关于Camina群的基本定理

On the Basic Theorem of Camina Groups

设K是有限群G的一个非平凡正规子群 ,如果对于每个x∈G-K ,x与xy共轭 , y∈K ,那么 ,称G为以K为核的Camina群 .A .R .Camina建立了关于Camina群的一个基本定理 .作者给出了这个基本定理的一个初等证明 ,这个初等证明不但避免使用M .Suzuki的质幂元单群的分类定理 ,还同时改进了这个基本定理的结论 .此外 ,所用的证明方法还为基本定理的原证明过程中的一个重要引理提供了一个很简洁的证明 .最后 ,得到Camina群是Frobenius群的一个充分条件以及Camina群是以其换位子群为核的Frobenius群的一个充分条件 .

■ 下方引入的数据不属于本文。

(* Let $G=(\mathbb Z/2)^3$ and write $H^*(G,\mathbb F_2)=\mathbb F_2[x,y,z]$ with $x,y,z$ of degree one dual to the standard basis $e_1,e_2,e_3$ of $G$. Let $\alpha\in H^4(G,\mathbb Z)$ be the integral class whose mod $2$ reduction is $Sq^1(xyz)=x^2yz+xy^2z+xyz^2$. For $g=ae_1+be_2+ce_3\in G$ with $a,b,c\in\{0,1\}$ (written multiplicatively as $g=x^ay^bz^c$), the inverse transgression $\theta_g^*:H^4(G,\mathbb Z)\to H^3(G,\mathbb Z)$ satisfies, after mod $2$ reduction, $$\theta_g^*(\alpha)=a(y^2z+yz^2)+b(x^2z+xz^2)+c(x^2y+xy^2).$$ In particular $\theta_g^*(\alpha)\neq 0$ for every $g\neq 1$.
   Context: For an elementary abelian $2$-group $G$ and $k>0$, mod $2$ reduction $H^k(G,\mathbb Z)\to H^k(G,\mathbb F_2)$ is injective, and integral classes are identified with their reductions. For a finite group $G$ and $g\in G$ with centralizer $Z_G(g)$ (here $Z_G(g)=G$), the inverse transgression $\theta_g$ is the cochain map from inhomogeneous cochains $C^{k+1}(G,\mathbb Z)$ to $C^k(Z_G(g),\mathbb Z)$ given by $\theta_g(\phi)(u_1,\dots,u_k)=(-1)^k\phi(g,u_1,\dots,u_k)+\sum_{i=1}^k(-1)^{i+k}\phi(u_1,\dots,u_i,g_i,u_{i+1},\dots,u_k)$, where $g_i=(u_1\cdots u_i)^{-1}g\,u_1\cdots u_i$; $\theta_g^*$ is the induced map in cohomology. Equivalently, if $\rho_g:Z_G(g)\times\mathbb Z\to G$, $(u,t^i)\mapsto ug^i$, and $\nu$ generates $H^1(\mathbb Z,\mathbb Z)$, then $\rho_g^*(w)=\mathrm{res}^G_{Z_G(g)}(w)\otimes1+\theta_g^*(w)\otimes\nu$. *)

From mathcomp Require Import all_boot all_algebra all_fingroup.
Set Implicit Arguments. Unset Strict Implicit. Unset Printing Implicit Defensive.
Import GRing.Theory.

Section Cochains.
Variable gT : finGroupType.

(* A k-cochain is a function on k-lists of group elements (only its values
   on lists of length k matter). *)
Definition cochain (M : Type) := seq gT -> M.

Definition sgnz {M : zmodType} (b : bool) (x : M) : M := if b then (- x)%R else x.

Definition mulpair (i : nat) (s : seq gT) : seq gT :=
  take i s ++ (nth 1%g s i * nth 1%g s i.+1)%g :: drop i.+2 s.

(* coboundary, evaluated on a (k+1)-list s = (g_1,...,g_{k+1}):
   f(g_2..g_{k+1}) + sum_{i=1}^k (-1)^i f(..,g_i g_{i+1},..) + (-1)^{k+1} f(g_1..g_k) *)
Definition coboundary {M : zmodType} (f : cochain M) : cochain M := fun s =>
  (f (behead s)
   + \sum_(i < (size s).-1) sgnz (odd i.+1) (f (mulpair i s))
   + sgnz (odd (size s)) (f (take (size s).-1 s)))%R.

Definition is_cocycle {M : zmodType} (k : nat) (f : cochain M) : Prop :=
  forall s, size s = k.+1 -> coboundary f s = 0%R.

Definition is_coboundary {M : zmodType} (k : nat) (f : cochain M) : Prop :=
  exists psi : cochain M, forall s, size s = k -> f s = coboundary psi s.

Definition cohomologous {M : zmodType} (k : nat) (f1 f2 : cochain M) : Prop :=
  is_coboundary k (fun s => f1 s - f2 s)%R.

Definition prodg (s : seq gT) : gT := foldr (fun a b => a * b)%g 1%g s.

(* inverse transgression theta_g on cochains C^{k+1}(G,Z) -> C^k(Z_G(g),Z):
   theta_g(phi)(u_1..u_k) = (-1)^k phi(g,u_1..u_k)
      + sum_{i=1}^k (-1)^{i+k} phi(u_1..u_i, g_i, u_{i+1}..u_k),
   g_i = (u_1...u_i)^{-1} g (u_1...u_i) = g ^ (u_1...u_i). *)
Definition theta (g : gT) (phi : cochain int) : cochain int := fun u =>
  (sgnz (odd (size u)) (phi (g :: u))
   + \sum_(i < size u)
       sgnz (odd (i.+1 + size u))
         (phi (take i.+1 u ++ (g ^ prodg (take i.+1 u))%g :: drop i.+1 u)))%R.

Definition red2 (phi : cochain int) : cochain 'F_2 := fun s => ((phi s)%:~R)%R.

End Cochains.

(* G = (Z/2)^3, written additively as row vectors over F_2 (the group law of
   the finGroupType structure on 'rV['F_2]_3 is vector addition). *)
Definition G := 'rV['F_2]_3.

(* cup product of degree-one cocycles: the monomial x_{l_1} ... x_{l_n} is
   represented by the cocycle (g_1..g_n) |-> prod_j (g_j)_{l_j}. *)
Definition mono (l : seq 'I_3) : cochain G 'F_2 :=
  fun s => (\prod_(p <- zip l s) p.2 ord0 p.1)%R.

Definition ix : 'I_3 := @Ordinal 3 0 isT.
Definition iy : 'I_3 := @Ordinal 3 1 isT.
Definition iz : 'I_3 := @Ordinal 3 2 isT.

Definition sq1xyz : cochain G 'F_2 := fun s =>
  (mono [:: ix; ix; iy; iz] s + mono [:: ix; iy; iy; iz] s
   + mono [:: ix; iy; iz; iz] s)%R.

Definition theta_target (g : G) : cochain G 'F_2 := fun s =>
  (g ord0 ix * (mono [:: iy; iy; iz] s + mono [:: iy; iz; iz] s)
   + g ord0 iy * (mono [:: ix; ix; iz] s + mono [:: ix; iz; iz] s)
   + g ord0 iz * (mono [:: ix; ix; iy] s + mono [:: ix; iy; iy] s))%R.

(* For an abelian group the conjugates g_i in theta_g are all g, so theta_g
   just inserts g at every position with alternating signs; in this form it
   visibly commutes with the coboundary.  The class alpha
   is represented by the integral Bockstein cocycle (1/2) d(x~ y~ z~), where
   x~, y~, z~ are the 0/1-valued integral lifts of x, y, z; its reduction is
   Sq^1(xyz) on the nose, and inserting g into Sq^1(xyz) gives the stated
   cochain exactly mod 2.  If theta_g(alpha) were 0, that cochain would be a
   mod 2 coboundary; but the pairing with the mod 2 cycle
   [u|u|v] + [u|v|u] + [v|u|u] + [1|1|v] + [1|v|1] + [v|1|1]
   kills coboundaries, and for u, v two of the basis vectors it extracts the
   remaining coordinate of g. *)

From mathcomp Require Import all_boot all_algebra all_fingroup ring.
Set Implicit Arguments. Unset Strict Implicit. Unset Printing Implicit Defensive.
Import GRing.Theory.
Local Open Scope ring_scope.

Lemma eq_pchar2 (R : nzRingType) (x y z : R) :
  2 \in [pchar R] -> x = y + 2%:R * z -> x = y.
Proof. by move=> /pcharf0 -> ->; rewrite mul0r addr0. Qed.

Section Cochains.
Variable gT : finGroupType.

Lemma sgnzB (M : zmodType) b (x y : M) : sgnz b (x - y) = sgnz b x - sgnz b y.
Proof. by case: b; rewrite /sgnz ?opprD. Qed.

Lemma coboundary0 (M : zmodType) (s : seq gT) :
  coboundary (fun _ => 0 : M) s = 0.
Proof.
have sgnz0 b : sgnz b (0 : M) = 0 by case: b; rewrite /sgnz ?oppr0.
by rewrite /coboundary big1 ?sgnz0 ?addr0 // => i _; rewrite sgnz0.
Qed.

Lemma coboundaryB (M : zmodType) (f1 f2 : cochain gT M) s :
  coboundary (fun t => f1 t - f2 t) s = coboundary f1 s - coboundary f2 s.
Proof.
have shuffle (a1 b1 c1 a2 b2 c2 : M) :
    a1 - a2 + (b1 - b2) + (c1 - c2) = a1 + b1 + c1 - (a2 + b2 + c2).
  by rewrite [a1 - a2 + _]addrACA -opprD addrACA -opprD.
rewrite /coboundary; under eq_bigr do rewrite sgnzB.
by rewrite sumrB !sgnzB shuffle.
Qed.

Lemma red2_coboundary (phi : cochain gT int) s :
  red2 (coboundary phi) s = coboundary (red2 phi) s.
Proof.
have red2_sgnz b x : (sgnz b x)%:~R = sgnz b x%:~R :> 'F_2.
  by case: b; rewrite /sgnz ?rmorphN.
rewrite /red2 /coboundary !rmorphD rmorph_sum /= red2_sgnz.
by under eq_bigr do rewrite red2_sgnz.
Qed.

Definition theta_central (M : zmodType) (g : gT) (f : cochain gT M) : cochain gT M :=
  fun u => \sum_(i < (size u).+1) sgnz (odd (i + size u)) (f (take i u ++ g :: drop i u)).

Lemma theta_centralE (g : gT) (phi : cochain gT int) :
  (forall h, commute g h) -> theta g phi =1 theta_central g phi.
Proof.
move=> gC u; rewrite /theta_central big_ord_recl /= take0 drop0.
congr (_ + _); apply: eq_bigr => i _.
by have /conjg_fixP -> : ([~ g, prodg (take i.+1 u)] == 1)%g by apply/commgP.
Qed.

Lemma theta_central3E (M : zmodType) g (f : cochain gT M) a b c :
  theta_central g f [:: a; b; c] =
  - f [:: g; a; b; c] + f [:: a; g; b; c] - f [:: a; b; g; c] + f [:: a; b; c; g].
Proof. by rewrite /theta_central /= !big_ord_recr big_ord0 /= add0r. Qed.

Lemma theta_central_coboundary (R : comPzRingType) g (psi : cochain gT R) a b c :
    commute g a -> commute g b -> commute g c ->
  theta_central g (coboundary psi) [:: a; b; c] =
  coboundary (theta_central g psi) [:: a; b; c].
Proof.
move=> ga gb gc.
rewrite theta_central3E /coboundary /theta_central /= !big_ord_recr !big_ord0 /=.
rewrite /mulpair /= ga gb gc.
ring.
Qed.

Definition eval_cycle3 (M : zmodType) (f : cochain gT M) (u v : gT) : M :=
  f [:: u; u; v] + f [:: u; v; u] + f [:: v; u; u]
  + f [:: 1%g; 1%g; v] + f [:: 1%g; v; 1%g] + f [:: v; 1%g; 1%g].

Lemma eval_cycle3_coboundary (R : comNzRingType) (rho : cochain gT R) u v :
  2 \in [pchar R] -> commute u v -> (u * u = 1)%g ->
  eval_cycle3 (coboundary rho) u v = 0.
Proof.
move=> R2 uv uu.
rewrite /eval_cycle3 /coboundary /= !big_ord_recr !big_ord0 /= /mulpair /=.
rewrite uu uv !mul1g !mulg1.
apply: (eq_pchar2 R2 (z := rho [:: u; (v * u)%g] - rho [:: (v * u)%g; u])).
ring.
Qed.

End Cochains.

Lemma pchar_F2 : 2 \in [pchar 'F_2].
Proof. exact: pchar_Fp. Qed.

Lemma commute_G (g h : G) : commute g h.
Proof. exact: addrC. Qed.

Lemma mulgg_G (u : G) : (u * u = 1)%g.
Proof. by apply/rowP => i; rewrite !mxE (addrr_pchar2 pchar_F2). Qed.

Definition lift01 (t : 'F_2) : int := (t : nat)%:Z.

Lemma lift01D s t : lift01 (s + t) = lift01 s + lift01 t - 2 * lift01 s * lift01 t.
Proof. by case: s t => [[|[|?]] ?] // [[|[|?]] ?]. Qed.

Lemma lift01K t : (lift01 t)%:~R = t.
Proof. by case: t => [[|[|?]] ?] //; apply: val_inj. Qed.

Definition int_coord (g : G) (i : 'I_3) : int := lift01 (g ord0 i).

Lemma int_coordM g h i :
  int_coord (g * h)%g i = int_coord g i + int_coord h i - 2 * int_coord g i * int_coord h i.
Proof. by rewrite /int_coord mxE lift01D. Qed.

(* Half the coboundary of the integral lift
   (a, b, c) |-> int_coord a ix * int_coord b iy * int_coord c iz of xyz. *)
Definition bockstein_xyz : cochain G int := fun s =>
  let c i k := int_coord (nth 1%g s i) k in
  c 0 ix * c 1 ix * c 2 iy * c 3 iz - c 0 ix * c 1 iy * c 2 iy * c 3 iz
  + c 0 ix * c 1 iy * c 2 iz * c 3 iz.

Lemma bockstein_xyz_cocycle : is_cocycle 4 bockstein_xyz.
Proof.
case=> [|a [|b [|c [|d [|f [|? ?]]]]]] //= _.
rewrite /coboundary /= !big_ord_recr big_ord0 /= /mulpair /= /bockstein_xyz /=.
rewrite !int_coordM.
ring.
Qed.

Lemma red2_bockstein_xyz s : size s = 4%N -> red2 bockstein_xyz s = sq1xyz s.
Proof.
case: s => [|a [|b [|c [|d [|? ?]]]]] //= _.
rewrite /red2 /bockstein_xyz /sq1xyz /mono /= !big_cons big_nil /=.
rewrite !rmorphD !rmorphN !rmorphM /= /int_coord !lift01K (oppr_pchar2 pchar_F2).
ring.
Qed.

Lemma theta_central_sq1xyz (g a b c : G) :
  theta_central g sq1xyz [:: a; b; c] = theta_target g [:: a; b; c].
Proof.
rewrite theta_central3E /sq1xyz /theta_target /mono /= !big_cons !big_nil /=.
rewrite !(oppr_pchar2 pchar_F2).
apply: (eq_pchar2 pchar_F2
  (z := a ord0 ix * b ord0 iy * c ord0 iz * (g ord0 ix + g ord0 iy + g ord0 iz))).
ring.
Qed.

Lemma red2_theta (phi : cochain G int) (psi : cochain G 'F_2) g :
    (forall t, size t = 4%N -> red2 phi t - sq1xyz t = coboundary psi t) ->
  forall s, size s = 3%N ->
  red2 (theta g phi) s = theta_target g s + coboundary (theta_central g psi) s.
Proof.
move=> red2_phi [|a [|b [|c [|? ?]]]] //= _.
have red2_phiE t : size t = 4%N -> (phi t)%:~R = sq1xyz t + coboundary psi t.
  by move/red2_phi <-; rewrite addrC subrK.
have gC := commute_G g.
rewrite /red2 (theta_centralE _ gC) theta_central3E !rmorphD !rmorphN /= !red2_phiE //.
rewrite -theta_central_sq1xyz -(theta_central_coboundary _ (gC a) (gC b) (gC c)).
rewrite !theta_central3E.
ring.
Qed.

Lemma theta_target_coboundary_eq1 (g : G) : is_coboundary 3 (theta_target g) -> g = 1%g.
Proof.
case=> rho targetE.
have cycle0 u v : eval_cycle3 (theta_target g) u v = 0.
  rewrite /eval_cycle3 !targetE //.
  exact: (eval_cycle3_coboundary rho pchar_F2 (commute_G u v) (mulgg_G u)).
pose e i : G := delta_mx ord0 i.
apply/rowP => i; rewrite mxE.
case: i => [[|[|[|?]]] ?] //; [
  rewrite -(cycle0 (e iy) (e iz)) | rewrite -(cycle0 (e ix) (e iz)) |
  rewrite -(cycle0 (e ix) (e iy))];
  rewrite /eval_cycle3 /theta_target /mono /e /= !big_cons !big_nil /= !mxE /=;
  rewrite !(mul0r, mulr0, mul1r, mulr1, addr0, add0r); congr (g _ _); exact: val_inj.
Qed.

Local Close Scope ring_scope.

Theorem lemma5p2 :
  (exists phi : cochain G int,
      is_cocycle 4 phi /\ cohomologous 4 (red2 phi) sq1xyz) /\
  (forall phi : cochain G int,
      is_cocycle 4 phi -> cohomologous 4 (red2 phi) sq1xyz ->
      forall g : G,
        cohomologous 3 (red2 (theta g phi)) (theta_target g) /\
        (g <> 1%g -> ~ is_coboundary 3 (theta g phi))).
Proof.
split.
  exists bockstein_xyz; split; first exact: bockstein_xyz_cocycle.
  by exists (fun _ => 0%R) => s s4; rewrite coboundary0 red2_bockstein_xyz // subrr.
move=> phi _ [psi red2_phi] g; split.
  exists (theta_central g psi) => s s3.
  by rewrite (red2_theta g red2_phi) // addrAC subrr add0r.
move=> ntg [eta theta_eta]; apply/ntg/theta_target_coboundary_eq1.
exists (fun t => red2 eta t - theta_central g psi t)%R => s s3.
rewrite coboundaryB -red2_coboundary /red2 -theta_eta // -/(red2 _ s).
by rewrite (red2_theta g red2_phi) // addrK.
Qed.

Let K be a nontrivial normal subgroup of a finite group G,the group G is called a Camina group with the kernel K if for each x∈ G-K,x is conjugate to xy,y∈K. A. R. Camina established a basic theorem on Camina groups. The purpose of this paper is to give an elementary proof for the basic theorem. This proof both avoids to use the Suzuki's theorem of the classification of simple groups in which the order of every element is a power of a prime and improves the conclusion of the basic theorem. In addition,the method provides a simple proof for a lemma which is an important step to prove the basic theorem. Finally,the author obtains the following two corollaries:(1) Let G is a Camina group with the kernel K, if all Sylow subgroups of G are abelian,then G is a Frobenius group with the kernel K. (2) Let G be a Camina group with the kernel K,if all Sylow subgroups of G are abelian and G is meta-abelian,then K=G′,the commutator subgroup of G,and G is a Frobenius group with the kernel G′.